Take the entries below and retype them exactly.

[DATA]:
----
Lemma orbit_reps_exist {G : Grp} (S : list G) (n : nat) : exists l, orbit_reps S n l.
Proof.
  destruct (in_ball_finite S n) as [L ball_L].
  destruct (exists_transversal (@aut_equiv G) (aut_equiv_refl G) (aut_equiv_sym G) L)
    as [l [l_incl [l_nodup [l_sep l_cover]]]].
  exists l. repeat split.
  - intros x x_in. apply ball_L, l_incl, x_in.
  - intros i j i_lt j_lt ij. apply (NoDup_nth l gone); auto.
    apply l_sep; auto; apply nth_In; auto.
  - intros g g_in. apply l_cover, ball_L, g_in.
Qed.

Lemma aut_growth_spec {G : Grp} (S : list G) (n : nat) :
  exists l, orbit_reps S n l /\ length l = aut_growth S n.
Proof.
  unfold aut_growth. apply epsilon_spec.
  destruct (orbit_reps_exist S n) as [l l_reps]. exists (length l), l. auto.
Qed.

Lemma orbit_reps_sep {G : Grp} (S : list G) (n : nat) (l : list G) (x y : G) :
  orbit_reps S n l -> In x l -> In y l -> aut_equiv x y -> x = y.
Proof.
  intros [_ [l_sep _]] x_in y_in xy.
  destruct (In_nth l x gone x_in) as [i [i_lt <-]].
  destruct (In_nth l y gone y_in) as [j [j_lt <-]].
  f_equal. apply l_sep; auto.
Qed.

Lemma orbit_reps_NoDup {G : Grp} (S : list G) (n : nat) (l : list G) :
  orbit_reps S n l -> NoDup l.
Proof.
  intros [_ [l_sep _]]. apply (NoDup_nth l gone). intros i j i_lt j_lt ij.
  apply l_sep; auto. rewrite ij. apply aut_equiv_refl.
Qed.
----
[REPLY]:
Lemma orbit_reps_exist {G : Grp} (S : list G) (n : nat) : exists l, orbit_reps S n l.
Proof.
  destruct (in_ball_finite S n) as [L ball_L].
  destruct (exists_transversal (@aut_equiv G) (aut_equiv_refl G) (aut_equiv_sym G) L)
    as [l [l_incl [l_nodup [l_sep l_cover]]]].
  exists l. repeat split.
  - intros x x_in. apply ball_L, l_incl, x_in.
  - intros i j i_lt j_lt ij. apply (NoDup_nth l gone); auto.
    apply l_sep; auto; apply nth_In; auto.
  - intros g g_in. apply l_cover, ball_L, g_in.
Qed.

Lemma aut_growth_spec {G : Grp} (S : list G) (n : nat) :
  exists l, orbit_reps S n l /\ length l = aut_growth S n.
Proof.
  unfold aut_growth. apply epsilon_spec.
  destruct (orbit_reps_exist S n) as [l l_reps]. exists (length l), l. auto.
Qed.

Lemma orbit_reps_sep {G : Grp} (S : list G) (n : nat) (l : list G) (x y : G) :
  orbit_reps S n l -> In x l -> In y l -> aut_equiv x y -> x = y.
Proof.
  intros [_ [l_sep _]] x_in y_in xy.
  destruct (In_nth l x gone x_in) as [i [i_lt <-]].
  destruct (In_nth l y gone y_in) as [j [j_lt <-]].
  f_equal. apply l_sep; auto.
Qed.

Lemma orbit_reps_NoDup {G : Grp} (S : list G) (n : nat) (l : list G) :
  orbit_reps S n l -> NoDup l.
Proof.
  intros [_ [l_sep _]]. apply (NoDup_nth l gone). intros i j i_lt j_lt ij.
  apply l_sep; auto. rewrite ij. apply aut_equiv_refl.
Qed.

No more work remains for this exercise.